A primary strength of this meta-analysis is the inclusion of the recent, large-scale FINE-ARTS HF trial, which provides high-fidelity evidence for finerenone in HFmrEF/HFpEF[18]. Large trials minimize bias and improve the precision of treatment effect estimates[39]. Furthermore, the consistency of benefit across prespecified subgroups-including ejection fraction and concurrent SGLT2 inhibitor use enhances the external validity of our results[18,40-42].

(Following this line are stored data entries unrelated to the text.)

Lemma is_derive_Im_principal_log :
  0 < Cmod (x t, y t) + x t ->
  is_derive (fun s => Im (principal_log (x s, y s))) t (Im ((dx, dy) / (x t, y t))%C).
Proof.
  intros Hpos. assert (r2 := norm2_pos_of_Cmod_add_pos _ _ Hpos).
  assert (r_pos : 0 < sqrt (x t ^ 2 + y t ^ 2)) by now apply sqrt_lt_R0.
  unfold principal_log, Cmod, Cdiv, Cmult, Cinv in *; simpl in *.
  auto_derive; rewrite ?Dx, ?Dy;
    replace (x t * (x t * 1) + y t * (y t * 1)) with (x t ^ 2 + y t ^ 2) in * by ring.
  - repeat split; try easy; try (eexists; eassumption); lra.
  - assert (r_sq := sqrt_sqrt (x t ^ 2 + y t ^ 2) (Rlt_le _ _ r2)).
    revert Hpos r_pos r_sq. generalize (sqrt (x t ^ 2 + y t ^ 2)) as r.
    intros r Hpos r_pos r_sq.
    assert (sq_y : y t ^ 2 = r * r - x t ^ 2) by lra.
    field_simplify; [| nra | split; [lra | split; nra]].
    rewrite sq_y. replace (x t ^ 2 + (r * r - x t ^ 2)) with (r * r) by ring.
    field. split; nra.
Qed.

End PrincipalLogDerivative.

Lemma continuous_Rdiv_comp (f g : R -> R) t :
  continuous f t -> continuous g t -> g t <> 0 -> continuous (fun s => f s / g s) t.
Proof.
  intros f_cont g_cont g_ne0.
  apply (continuous_mult f (fun s => / g s)); [easy | now apply continuous_Rinv_comp].
Qed.

Section LogDerivativeIntegral.

Variables (x y dx dy : R -> R) (a b : R).
Hypothesis x_deriv : forall t, Rmin a b <= t <= Rmax a b -> is_derive x t (dx t).
Hypothesis y_deriv : forall t, Rmin a b <= t <= Rmax a b -> is_derive y t (dy t).
Hypothesis dx_cont : forall t, Rmin a b <= t <= Rmax a b -> continuous dx t.
Hypothesis dy_cont : forall t, Rmin a b <= t <= Rmax a b -> continuous dy t.
Hypothesis off_negative_axis : forall t, Rmin a b <= t <= Rmax a b -> 0 < Cmod (x t, y t) + x t.

Let continuous_log_derivative_components t : Rmin a b <= t <= Rmax a b ->
  continuous (fun s => Re ((dx s, dy s) / (x s, y s))%C) t /\
  continuous (fun s => Im ((dx s, dy s) / (x s, y s))%C) t.
Proof.
  intros Ht.
  assert (x_cont : continuous x t) by (apply (ex_derive_continuous x); eexists; now apply x_deriv).
  assert (y_cont : continuous y t) by (apply (ex_derive_continuous y); eexists; now apply y_deriv).
  assert (norm2_cont : continuous (fun s => x s * x s + y s * y s) t)
    by (apply (continuous_plus (fun s => x s * x s) (fun s => y s * y s));
        apply (continuous_mult (K := R_AbsRing)); easy).
  assert (norm2_ne0 : x t * x t + y t * y t <> 0).
  { assert (H := norm2_pos_of_Cmod_add_pos _ _ (off_negative_axis t Ht)). simpl in H. lra. }
  split.
  - apply (continuous_ext (fun s => (x s * dx s + y s * dy s) / (x s * x s + y s * y s))).
    { intros s. unfold Cdiv, Cmult, Cinv; cbn. unfold Rdiv. rewrite !Rmult_1_r. ring. }
    apply continuous_Rdiv_comp; [| easy | easy].
    apply (continuous_plus (fun s => x s * dx s) (fun s => y s * dy s));
      apply (continuous_mult (K := R_AbsRing)); auto.
  - apply (continuous_ext (fun s => (x s * dy s - y s * dx s) / (x s * x s + y s * y s))).
    { intros s. unfold Cdiv, Cmult, Cinv; cbn. unfold Rdiv. rewrite !Rmult_1_r. ring. }
    apply continuous_Rdiv_comp; [| easy | easy].
    apply (continuous_minus (fun s => x s * dy s) (fun s => y s * dx s));
      apply (continuous_mult (K := R_AbsRing)); auto.
Qed.

Lemma is_RInt_log_derivative :
  @is_RInt C_R_CompleteNormedModule (fun t => ((dx t, dy t) / (x t, y t))%C) a b
    (principal_log (x b, y b) - principal_log (x a, y a))%C.
Proof.
  apply (is_RInt_fct_extend_pair (U := R_NormedModule) (V := R_NormedModule)).
  - apply (is_RInt_derive (fun t => Re (principal_log (x t, y t)))); intros t Ht.
    + apply is_derive_Re_principal_log; auto.
    + now apply continuous_log_derivative_components.
  - apply (is_RInt_derive (fun t => Im (principal_log (x t, y t)))); intros t Ht.
    + apply is_derive_Im_principal_log; auto.
    + now apply continuous_log_derivative_components.
Qed.

End LogDerivativeIntegral.

Definition trig_re (a : nat -> R) (N : nat) (k : R) : R :=
  sum_n (fun n => a n * cos (- INR n * k)) N.

Definition trig_im (a : nat -> R) (N : nat) (k : R) : R :=
  sum_n (fun n => a n * sin (- INR n * k)) N.

Definition trig_poly (a : nat -> R) (N : nat) (k : R) : C := (trig_re a N k, trig_im a N k).

Definition trig_poly_deriv (a : nat -> R) (N : nat) (k : R) : C :=
  (trig_im (fun n => INR n * a n) N k, trig_re (fun n => - (INR n * a n)) N k).

Lemma is_derive_trig_re a N k :
  is_derive (trig_re a N) k (trig_im (fun n => INR n * a n) N k).
Proof.
  apply (is_derive_sum_n (fun n t => a n * cos (- INR n * t))).
  intros n _. auto_derive; [easy | ring].
Qed.

Lemma is_derive_trig_im a N k :
  is_derive (trig_im a N) k (trig_re (fun n => - (INR n * a n)) N k).
Proof.
  apply (is_derive_sum_n (fun n t => a n * sin (- INR n * t))).
  intros n _. auto_derive; [easy | ring].
Qed.

Lemma continuous_trig_re a N k : continuous (trig_re a N) k.
Proof. apply (ex_derive_continuous (trig_re a N)). eexists. apply is_derive_trig_re. Qed.

Lemma continuous_trig_im a N k : continuous (trig_im a N) k.
Proof. apply (ex_derive_continuous (trig_im a N)). eexists. apply is_derive_trig_im. Qed.

Lemma trig_poly_periodic a N : trig_poly a N (- PI) = trig_poly a N PI.
Proof.
  unfold trig_poly, trig_re, trig_im. f_equal; apply sum_n_ext; intros n.
  - now rewrite <- cos_neg, Ropp_mult_distr_r, Ropp_involutive. 
  - assert (sin_ZPI : forall z : Z, sin (IZR z * PI) = 0)
      by (intros z; apply sin_eq_0_1; now exists z).
    replace (- INR n * - PI) with (IZR (Z.of_nat n) * PI) by (rewrite <- INR_IZR_INZ; ring).
    replace (- INR n * PI) with (IZR (- Z.of_nat n) * PI)
      by (rewrite opp_IZR, <- INR_IZR_INZ; ring).
    now rewrite !sin_ZPI.
Qed.

Lemma abel_summation_lower_bound (a c : nat -> R) N :
  c 0%nat = 1 -> (forall n, c n <= 1) -> (forall n, 0 <= a n) ->
  (forall n, (n < N)%nat -> a (S n) <= a n) ->
  a N * (1 - c (S N)) <= sum_n (fun n => a n * (c n - c (S n))) N.
Proof.
  intros c0 c_le1 a_ge0. induction N as [|N IH]; intros a_decr.
  - rewrite sum_O, c0. lra.
  - rewrite sum_Sn. unfold plus; simpl.
    assert (IH' := IH (fun n Hn => a_decr n ltac:(lia))).
    assert (decr_N := a_decr N ltac:(lia)).
    assert (c_le1' := c_le1 (S N)). assert (a_ge0' := a_ge0 (S N)).
    nra.
Qed.

Lemma trig_re_shift_diff a N k :
  sum_n (fun n => a n * (cos (- INR n * k) - cos (- INR (S n) * k))) N
  = (1 - cos k) * trig_re a N k - sin k * trig_im a N k.
Proof.
  unfold trig_re, trig_im. induction N as [|N IH].
  - rewrite !sum_O, INR_0, INR_1.
    replace (- 0 * k) with 0 by ring. replace (- (1) * k) with (- k) by ring.
    rewrite cos_0, sin_0, cos_neg. simpl; ring.
  - rewrite !sum_Sn, IH, (S_INR (S N)).
    replace (- (INR (S N) + 1) * k) with (- INR (S N) * k + - k) by ring.
    rewrite cos_plus, cos_neg, sin_neg. unfold plus; simpl; ring.
Qed.

Lemma cos_eq_1_segment k : - PI <= k <= PI -> cos k = 1 -> k = 0.
Proof.
  intros Hk Hc. destruct (Rtotal_order k 0) as [Hlt | [Heq | Hgt]]; [exfalso | exact Heq | exfalso].
  - rewrite <- cos_neg in Hc. assert (cos (- k) < cos 0) by (apply cos_decreasing_1; lra).
    rewrite cos_0 in *. lra.
  - assert (cos k < cos 0) by (apply cos_decreasing_1; lra). rewrite cos_0 in *. lra.
Qed.

Lemma trig_re_nonneg_on_real_axis a N k :
  (forall n, 0 <= a n) -> (forall n, (n < N)%nat -> a (S n) <= a n) ->
  - PI <= k <= PI -> trig_im a N k = 0 -> 0 <= trig_re a N k.
Proof.
  intros a_ge0 a_decr Hk im0.
  assert (c0 : cos (- INR 0 * k) = 1) by (rewrite INR_0, Ropp_0, Rmult_0_l; apply cos_0).
  assert (abel := abel_summation_lower_bound a (fun n => cos (- INR n * k)) N
                    c0 (fun n => proj2 (COS_bound _)) a_ge0 a_decr).
  cbv beta in abel. rewrite trig_re_shift_diff, im0 in abel.
  assert (0 <= a N * (1 - cos (- INR (S N) * k))).
  { apply Rmult_le_pos; [apply a_ge0 | pose proof (COS_bound (- INR (S N) * k)); lra]. }
  destruct (Req_dec (cos k) 1) as [cos1 | cos_ne1].
  - rewrite (cos_eq_1_segment k Hk cos1). unfold trig_re.
    rewrite sum_n_Reals. apply cond_pos_sum. intros n.
    rewrite Rmult_0_r, cos_0, Rmult_1_r. apply a_ge0.
  - pose proof (COS_bound k). nra.
Qed.

Lemma Cmod_add_Re_pos (z : C) : z <> RtoC 0 -> (Im z = 0 -> 0 <= Re z) -> 0 < Cmod z + Re z.
Proof.
  intros z_ne0 real_nonneg.
  assert (mod_ge0 := Cmod_ge_0 z). assert (mod2 := Cmod2_alt z).
  destruct (Req_dec (Im z) 0) as [im0 | im_ne0].
  - assert (Re z <> 0) by (intros re0; apply z_ne0; destruct z; simpl in *; now rewrite re0, im0).
    specialize (real_nonneg im0). lra.
  - assert (im2 := Rsqr_pos_lt _ im_ne0). unfold Rsqr in im2. nra.
Qed.

Section TrigPolyWinding.

Variables (a : nat -> R) (N : nat).
Hypothesis a_ge0 : forall n, 0 <= a n.
Hypothesis a_decr : forall n, (n < N)%nat -> a (S n) <= a n.
Hypothesis p_ne0 : forall k, - PI <= k <= PI -> trig_poly a N k <> RtoC 0.

Lemma is_RInt_trig_poly_log_derivative :
  @is_RInt C_R_CompleteNormedModule (fun k => (trig_poly_deriv a N k / trig_poly a N k)%C)
    (- PI) PI (RtoC 0).
Proof.
  assert (segment : forall t, Rmin (- PI) PI <= t <= Rmax (- PI) PI -> - PI <= t <= PI).
  { pose proof PI_RGT_0. now rewrite Rmin_left, Rmax_right by lra. }
  replace (RtoC 0) with (principal_log (trig_poly a N PI) - principal_log (trig_poly a N (- PI)))%C
    by (rewrite trig_poly_periodic; ring).
  apply (is_RInt_log_derivative (trig_re a N) (trig_im a N)); intros t Ht.
  - apply is_derive_trig_re.
  - apply is_derive_trig_im.
  - apply continuous_trig_im.
  - apply continuous_trig_re.
  - apply (Cmod_add_Re_pos (trig_poly a N t)); [now apply p_ne0, segment |].
    apply trig_re_nonneg_on_real_axis; auto.
Qed.

End TrigPolyWinding.

Definition column_coeff (T : Z -> Z -> R) (l1 n : nat) : R := T (Z.of_nat n - Z.of_nat l1)%Z 0%Z.

Lemma phase_shift (l1 n : nat) k :
  - k * IZR (Z.of_nat n - Z.of_nat l1) = INR l1 * k + - INR n * k.
Proof. rewrite minus_IZR, <- !INR_IZR_INZ. ring. Qed.

Lemma xi_factor T l1 l2 k :
  xi T l1 l2 k = (expi (INR l1 * k) * trig_poly (column_coeff T l1) (l1 + l2) k)%C.
Proof.
  unfold xi, trig_poly, trig_re, trig_im.
  rewrite (sum_n_ext _ (fun n => mult (expi (INR l1 * k))
     ((column_coeff T l1 n * cos (- INR n * k), column_coeff T l1 n * sin (- INR n * k)) : C))).
  - now rewrite sum_n_mult_l, sum_n_C.
  - intros n. cbv zeta. rewrite phase_shift, expi_add.
    unfold column_coeff, expi, RtoC, mult; simpl. unfold Cmult; simpl. f_equal; ring.
Qed.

However, limitations exist. The relatively small number of eligible RCTs constrains the power of subgroup analyses and the detection of rare safety signals[43,44]. While statistical heterogeneity was low, this must be interpreted with caution given the low power of Cochran’s Q in small meta-analyses[42]. Additionally, our results are heavily influenced by FINE-ARTS HF; while robust, reliance on a single dominant trial limits the assessment of consistency across diverse clinical settings[39]. Finally, the median follow-up of 32 months may not fully capture the long-term cumulative benefits or late-emerging risks inherent to lifelong HF therapy[43-45].

CONCLUSION

This meta-analysis establishes that finerenone significantly improves clinical outcomes in patients with HF, particularly those with mildly reduced or preserved ejection fraction, a phenotype with historically few evidence-based therapies. The consistency of benefit across the ejection fraction spectrum and regardless of background SGLT2 inhibitor use supports finerenone as a high-value addition to GDMT. The safety profile is favorable, with hyperkalemia proving manageable and rarely leading to treatment discontinuation. Future research should prioritize long-term outcome data and real-world effectiveness. Ongoing trials, including REDEFINE-HF, CONFIRMATION-HF, and FINALITY-HF, will further elucidate the role of finerenone across the continuum of HF.